Anyway, while I can't explain how to come up with the following code, I can at least show another function that turned out to be useful as an inspiration: turns out, it's easy to implement a Foldable
instance for Truth
datatype:
instance Foldable Truth where
foldMap f = \case
Value v -> f v
Fork _ v -> foldMap (uncurry mappend . fork f) v
Note that this function essentially ignores all the String
tags. We can write another foldMap
-like function that does not ignore them, and use it in order to build the simple representation of truth table:
truthFold :: Monoid b => (a -> b) -> (Bool -> String -> b -> b) -> Truth a -> b
truthFold f1 f2 = \case
Value v -> f1 v
Fork s t -> truthFold (uncurry mappend . pointwise (f2 False s . f1, f2 True s . f1)) f2 t
trueTable :: Truth Bool -> SimpleTable
trueTable = truthFold (\b -> [([], b)]) (\k v ls -> map (onFirst ((v, k) :)) ls)

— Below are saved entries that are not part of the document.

(* Let $T_1,T_2$ be tables joined on column $J$, $T_1$ having a real-valued column $W$. Fix UBS parameters $(p_1,q_1)\in(0,1]^2$ for $T_1$ and an effective sampling rate $\epsilon_2\in(0,1]$ for $T_2$ with $\epsilon_2\le p_1$. Over all UBS parameters $(p_2,q_2)$ for $T_2$ with $p_2\in[\epsilon_2,1]$ and $q_2=\epsilon_2/p_2$, the variance of $\hat J_{\mathrm{sum}}=\frac{1}{\min\{p_1,p_2\}q_1q_2}\sum_{(t_1,t_2)\in S_1\bowtie_J S_2}t_1.W$ (with $S_i=\mathrm{UBS}_{p_i,q_i}(T_i,J)$) is minimized when $p_2=p_1$ and $q_2=\epsilon_2/p_1$.
   Context: $T_1,T_2$ are finite multisets of tuples with a join attribute $J$ taking values in a finite set $\mathcal U$. $X\bowtie_J Y$ is the set of pairs $(t_1,t_2)\in X\times Y$ with $t_1.J=t_2.J$. $\mathrm{UBS}_{p,q}(T,J)$: given a hash function $h:\mathcal U\to[0,1]$, each tuple $t\in T$ with $h(t.J)<p$ is included independently with probability $q$; others are excluded. The values $h(v)$ are independent uniform on $[0,1]$, the same $h$ is used for both tables, and the Bernoulli coins are independent across all tuples and independent of $h$. *)

From HB Require Import structures.
From mathcomp Require Import all_boot all_order all_algebra.
From mathcomp Require Import all_classical all_reals all_analysis.
Set Implicit Arguments. Unset Strict Implicit. Unset Printing Implicit Defensive.
Import Order.TTheory GRing.Theory Num.Theory.
Local Open Scope classical_set_scope.
Local Open Scope ring_scope.

Section UBS.
Context {d : measure_display} {T : measurableType d} {R : realType}.

Definition uniform01 (P : probability T R) (X : T -> R) : Prop :=
  measurable_fun setT X /\
  forall x : R, P [set w | X w < x] = (Num.max 0 (Num.min 1 x))%:E.

Definition mutually_independent (P : probability T R) {I : finType}
  (X : I -> T -> R) : Prop :=
  forall (S : {set I}) (B : I -> set R), (forall i, measurable (B i)) ->
    P (\bigcap_(i in [set i | i \in S]) (X i @^-1` B i)) =
    (\prod_(i in S) P (X i @^-1` B i))%E.

(* the whole randomness of the two UBS samples:
   hash values h v (v in U), coin variables c1 i (tuples of T1),
   c2 j (tuples of T2); tuple i of T_k is kept by the coin iff c_k i < q_k,
   i.e. with probability q_k *)
Definition ubs_family {U : finType} {n1 n2 : nat} (h : U -> T -> R)
  (c1 : 'I_n1 -> T -> R) (c2 : 'I_n2 -> T -> R) :
  (U + 'I_n1 + 'I_n2)%type -> T -> R :=
  fun k => match k with
           | inl (inl v) => h v
           | inl (inr i) => c1 i
           | inr j => c2 j
           end.

(* indicator that a tuple with join value v and coin variable c belongs to
   UBS_{p,q} *)
Definition in_ubs (p q : R) (hv c : R) : R :=
  if (hv < p) && (c < q) then 1 else 0.

(* the estimator J_sum = 1/(min(p1,p2) q1 q2) * sum over joined sampled
   pairs of t1.W ; T1 tuple i has join value J1 i and weight W1 i,
   T2 tuple j has join value J2 j *)
Definition Jsum_est {U : finType} {n1 n2 : nat}
  (J1 : 'I_n1 -> U) (W1 : 'I_n1 -> R) (J2 : 'I_n2 -> U)
  (h : U -> T -> R) (c1 : 'I_n1 -> T -> R) (c2 : 'I_n2 -> T -> R)
  (p1 q1 p2 q2 : R) : T -> R :=
  fun w => (Num.min p1 p2 * q1 * q2)^-1 *
    \sum_(i < n1) \sum_(j < n2)
      (if J1 i == J2 j then
         in_ubs p1 q1 (h (J1 i) w) (c1 i w) *
         in_ubs p2 q2 (h (J2 j) w) (c2 j w) * W1 i
       else 0).

End UBS.

From HB Require Import structures.
From mathcomp Require Import all_boot all_order all_algebra.
From mathcomp Require Import all_classical all_reals all_analysis.
From mathcomp.algebra_tactics Require Import ring lra.
Import Order.TTheory GRing.Theory Num.Theory.
Local Open Scope classical_set_scope.
Local Open Scope ring_scope.

(* Both estimators are unbiased, so only their second moments matter.  The
   estimator is a combination of indicators of the events "the joined pair
   (i, j) survives both samples", and by independence its second moment is the
   quadratic form sum_{k,k'} w_k w_k' rho(k, k') in the join weights w, where
   rho = m^-[same join value] q1^-[same T1 tuple] q2^-[same T2 tuple] and
   m = min(p1, p2).  Passing from p2 = p1 to another p2 with p2 q2 = eps2
   only changes rho on pairs sharing a join value, by a nonnegative amount
   depending only on whether the T2 tuples coincide.  Grouping by join value,
   the change is sum_v f(v) ((sum_{J1 i = v} W i)^2
   + (1/q1 - 1) sum_{J1 i = v} (W i)^2) for some f >= 0. *)

Section grouped_form.
Context {R : realDomainType} {U : finType} {n : nat} (J : 'I_n -> U) (W : 'I_n -> R).

Lemma grouped_sumE (f : U -> R) :
  \sum_(i < n) \sum_(i' < n) (if J i == J i' then W i * W i' * f (J i) else 0) =
  \sum_(v : U) f v * (\sum_(i < n | J i == v) W i) ^+ 2.
Proof.
symmetry; transitivity (\sum_(v : U) \sum_(i < n) \sum_(i' < n)
    (if (J i == v) && (J i' == v) then W i * W i' * f v else 0)).
  apply: eq_bigr => v _; rewrite expr2 big_distrl big_distrr big_mkcond /=.
  apply: eq_bigr => i _; case: (J i =P v) => _ /=; last by rewrite big1.
  rewrite !big_distrr big_mkcond /=; apply: eq_bigr => i' _ /=.
  by case: ifP => _; ring.
rewrite exchange_big /=; apply: eq_bigr => i _.
rewrite exchange_big /=; apply: eq_bigr => i' _.
rewrite (bigD1 (J i)) //= big1 ?addr0 => [|v /negbTE Jiv]; last by rewrite eq_sym Jiv.
by rewrite eqxx eq_sym.
Qed.

Lemma grouped_form_ge0 (f : U -> R) (a b : R) :
    0 <= a <= b -> (forall v, 0 <= f v) ->
  0 <= \sum_(i < n) \sum_(i' < n) (if J i == J i' then
         W i * W i' * (if i == i' then b else a) * f (J i) else 0).
Proof.
move=> /andP[a0 ab] f0.
have splitE i i' : (if J i == J i' then
      W i * W i' * (if i == i' then b else a) * f (J i) else 0) =
    a * (if J i == J i' then W i * W i' * f (J i) else 0) +
    (b - a) * (if i == i' then W i ^+ 2 * f (J i) else 0).
  case: (eqVneq i i') => [<-|_]; first by rewrite eqxx; ring.
  by case: ifP => _; ring.
under eq_bigr => i _ do under eq_bigr => i' _ do rewrite splitE.
under eq_bigr => i _ do rewrite big_split /= -!mulr_sumr.
rewrite big_split /= -!mulr_sumr grouped_sumE.
apply: addr_ge0; apply: mulr_ge0; rewrite ?subr_ge0 //.
  by apply: sumr_ge0 => v _; rewrite mulr_ge0 ?sqr_ge0.
apply: sumr_ge0 => i _; apply: sumr_ge0 => i' _.
by case: ifP => // _; rewrite mulr_ge0 ?sqr_ge0.
Qed.
End grouped_form.

Section join_form.
Context {R : realFieldType} {U : finType} {n1 n2 : nat}.
Context (J1 : 'I_n1 -> U) (W1 : 'I_n1 -> R) (J2 : 'I_n2 -> U).

Definition join_weight i j : R := if J1 i == J2 j then W1 i else 0.

Definition join_form (w : 'I_n1 -> 'I_n2 -> 'I_n1 -> 'I_n2 -> R) : R :=
  \sum_(i < n1) \sum_(j < n2) \sum_(i' < n1) \sum_(j' < n2)
    join_weight i j * join_weight i' j' * w i j i' j'.

(* For two joined pairs sampled with hash rate m and coin rates q1, q2, the
   ratio P(both sampled) / (P(first sampled) P(second sampled)): every hash
   value or coin the pairs share contributes the inverse of its rate. *)
Definition overlap_weight (m q1 q2 : R) (i : 'I_n1) (j : 'I_n2) i' j' : R :=
  m ^- (J1 i == J1 i') * q1 ^- (i == i') * q2 ^- (j == j').

Lemma join_form_pairE w : join_form w =
  \sum_(kk : ('I_n1 * 'I_n2) * ('I_n1 * 'I_n2))
    join_weight kk.1.1 kk.1.2 * join_weight kk.2.1 kk.2.2 *
    w kk.1.1 kk.1.2 kk.2.1 kk.2.2.
Proof.
rewrite /join_form.
under eq_bigr => i _ do under eq_bigr => j _ do rewrite pair_bigA.
by rewrite pair_bigA pair_bigA.
Qed.

Lemma join_formB w w' :
  join_form w - join_form w' =
  join_form (fun i j i' j' => w i j i' j' - w' i j i' j').
Proof.
rewrite -sumrB; apply: eq_bigr => i _; rewrite -sumrB; apply: eq_bigr => j _.
rewrite -sumrB; apply: eq_bigr => i' _; rewrite -sumrB; apply: eq_bigr => j' _.
by rewrite mulrBr.
Qed.

Lemma eq_join_form w w' :
    (forall i j i' j', J1 i = J2 j -> J1 i' = J2 j' ->
       w i j i' j' = w' i j i' j') ->
  join_form w = join_form w'.
Proof.
move=> ww'; apply: eq_bigr => i _; apply: eq_bigr => j _.
apply: eq_bigr => i' _; apply: eq_bigr => j' _; rewrite /join_weight.
by case: eqP => [e|_]; case: eqP => [e'|_]; rewrite ?mulr0 ?mul0r ?ww'.
Qed.

Lemma overlap_weightB (m m' q1 q2 q2' : R) i j i' j' :
    J1 i = J2 j -> J1 i' = J2 j' ->
  overlap_weight m q1 q2 i j i' j' - overlap_weight m' q1 q2' i j i' j' =
  if J1 i == J1 i' then
    q1 ^- (i == i') * (m^-1 * q2 ^- (j == j') - m'^-1 * q2' ^- (j == j'))
  else 0.
Proof.
move=> e e'; rewrite /overlap_weight; case: eqP => [_|ne] /=; first by ring.
have /negbTE-> : i != i' by apply: contra_not_neq ne => ->.
have /negbTE-> : j != j' by apply: contra_not_neq ne => jj'; rewrite e e' jj'.
by rewrite subrr.
Qed.

Lemma join_form_ge0 (q1 : R) (delta : bool -> R) :
    0 < q1 <= 1 -> (forall b, 0 <= delta b) ->
  0 <= join_form (fun i j i' j' =>
         if J1 i == J1 i' then q1 ^- (i == i') * delta (j == j') else 0).
Proof.
move=> /andP[q1_gt0 q1_le1] delta_ge0.
pose f v := \sum_(j < n2) \sum_(j' < n2)
  (if (J2 j == v) && (J2 j' == v) then delta (j == j') else 0).
have f_ge0 v : 0 <= f v.
  by apply: sumr_ge0 => j _; apply: sumr_ge0 => j' _; case: ifP.
rewrite (_ : join_form _ = \sum_(i < n1) \sum_(i' < n1) (if J1 i == J1 i' then
    W1 i * W1 i' * (if i == i' then q1^-1 else 1) * f (J1 i) else 0)).
  by apply: grouped_form_ge0 => //; rewrite ler01 invf_ge1.
apply: eq_bigr => i _; rewrite exchange_big; apply: eq_bigr => i' _ /=.
case: eqP => [e|_]; last first.
  by rewrite big1 // => j _; rewrite big1 // => j' _; rewrite mulr0.
rewrite /f !big_distrr; apply: eq_bigr => j _; rewrite /= !big_distrr.
apply: eq_bigr => j' _ /=; rewrite /join_weight -e !(eq_sym (J2 _)).
case: (J1 i == J2 j); case: (J1 i == J2 j'); case: (i == i');
  by rewrite /= ?expr1 ?expr0 ?invr1; ring.
Qed.

Lemma join_form_overlap_le (m m' q1 q2 q2' : R) :
    0 < m <= m' -> 0 < q1 <= 1 -> 0 < m * q2 <= m' * q2' ->
  join_form (overlap_weight m' q1 q2') <= join_form (overlap_weight m q1 q2).
Proof.
move=> /andP[m_gt0 mm'] q1_01 /andP[mq_gt0 mq]; rewrite -subr_ge0 join_formB.
pose delta (b : bool) := m^-1 * q2 ^- b - m'^-1 * q2' ^- b.
rewrite (eq_join_form _ (fun i j i' j' =>
    if J1 i == J1 i' then q1 ^- (i == i') * delta (j == j') else 0)).
  apply: join_form_ge0 => // -[]; rewrite /delta subr_ge0 /= ?expr1 ?expr0.
    by rewrite -!invfM lef_pV2 ?posrE // (lt_le_trans mq_gt0).
  by rewrite invr1 !mulr1 lef_pV2 ?posrE // (lt_le_trans m_gt0).
exact: overlap_weightB.
Qed.

End join_form.

Section indicator_combinations.
Context {d : measure_display} {T : measurableType d} {R : realType}.

Lemma Lfun_bounded (mu : {finite_measure set T -> \bar R}) (f : T -> R) (M r : R) :
  1 <= r -> measurable_fun setT f -> (forall x, `|f x| <= M) ->
  f \in Lfun mu r%:E.
Proof.
move=> r1 mf fM; rewrite inE/=; apply/andP; split; rewrite inE//=.
rewrite /finite_norm unlock poweR_lty//; apply/integrable_lty => //.
apply: (measurable_bounded_integrable (f := fun x => `|f x| `^ r)) => //.
- exact: fin_num_fun_lty.
- apply: (measurableT_comp (measurable_realfun.measurable_powR _)) => //.
  exact: measurableT_comp.
- exists (M `^ r); split; first exact: num_real.
  move=> y My x _ /=; rewrite ger0_norm ?powR_ge0//; apply: (le_trans _ (ltW My)).
  have M0 : 0 <= M by exact: le_trans (fM x).
  by apply: ge0_ler_powR; rewrite ?nnegrE//; lra.
Qed.

Lemma Lfun_indic_comb (mu : {finite_measure set T -> \bar R}) (K : Type)
    (s : seq K) (a : K -> R) (A : K -> set T) (r : R) :
  1 <= r -> (forall k, measurable (A k)) ->
  (fun w => \sum_(k <- s) a k * \1_(A k) w) \in Lfun mu r%:E.
Proof.
move=> r1 mA; apply: (@Lfun_bounded _ _ (\sum_(k <- s) `|a k|)) => //.
  by apply: measurable_sum => k; apply: measurable_realfun.measurable_funM.
move=> w; rewrite (le_trans (ler_norm_sum _ _ _))// ler_sum// => k _.
by rewrite normrM ler_piMr// indicE; case: (w \in A k); rewrite ?normr1 ?normr0.
Qed.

In the snippet above, we use a couple of helper functions which are all probably available in Control.Arrow
, but I've found it easier to implement these myself rather than trying to remember which combination of squiggly lines corresponds to which function:
pointwise (f1, f2) (x, y) = (f1 x, f2 y)
fork f (x, y) = (f x, f y)
join (f1, f2) x = (f1 x, f2 x)
onFirst f (x, y) = (f x, y)
Now, on to the truth table construction part. Similarly how implementing Foldable
turned out to be useful in order to get the function we need, it turned out that implementing Functor
and Applicative
turned out to be extremely useful when building the evaluation function. Here are the instances:
instance Functor Truth where
fmap f = \case
Value x -> Value (f x)
Fork t v -> Fork t $ fmap (fork f) v
instance Applicative Truth where
pure = Value
tf <*> tv = case (tf, tv) of
(Value f, Value v) -> Value (f v)
(Value f, Fork t v) -> Fork t $ fmap (fork f) v
(Fork t f, Value v) -> Fork t $ fmap (fork ($ v)) f
(Fork t1 f, Fork t2 v) -> case compare t1 t2 of
EQ -> Fork t1 (pointwise <$> f <*> v)
LT -> Fork t1 (join <$> f <*> tv)
GT -> Fork t2 (fork <$> tf <*> v)
While Functor
instance is fairly straightforward, I have a couple of comments about Applicative
instance. <*>
operator does actually end up implementing the joining, and in order to make it somewhat efficient and avoid reshuffling the tags, we assume that the tags (String
part of the Fork
constructor) are in sorted order and maintain that sorted property while joining the tables.
Now that we have the join operation, time to implement the actual evaluator. For this, we would need a typeclass for "boolean-like" types, e.g. types we can lift boolean functions to. Observe:
class Boolean a where
liftBool :: (Bool -> Bool) -> a -> a
liftBool2 :: (Bool -> Bool -> Bool) -> a -> a -> a
instance Boolean Bool where
liftBool = id
liftBool2 = id
instance Boolean a => Boolean (a, a) where
liftBool f (x, y) = (liftBool f x, liftBool f y)
liftBool2 f (x, y) (z, w) = (liftBool2 f x z, liftBool2 f y w)
instance Boolean a => Boolean (Truth a) where
liftBool f = \case
Value v -> Value (liftBool f v)
Fork s inner -> Fork s (liftBool f inner)
liftBool2 f t1 t2 = liftBool2 f <$> t1 <*> t2
The final implementation then is a straightforward usage of that typeclass:
eval :: F -> Truth Bool
eval = \case
Const b -> Value b
Var v -> Fork v (Value (False, True))
Not f -> liftBool not (eval f)
f1 :&: f2 -> liftBool2 (&&) (eval f1) (eval f2)
f1 :|: f2 -> liftBool2 (||) (eval f1) (eval f2)
The implementation probably does not need this extra class, and can just use some traversals instead, but that's the code I ended up having for now.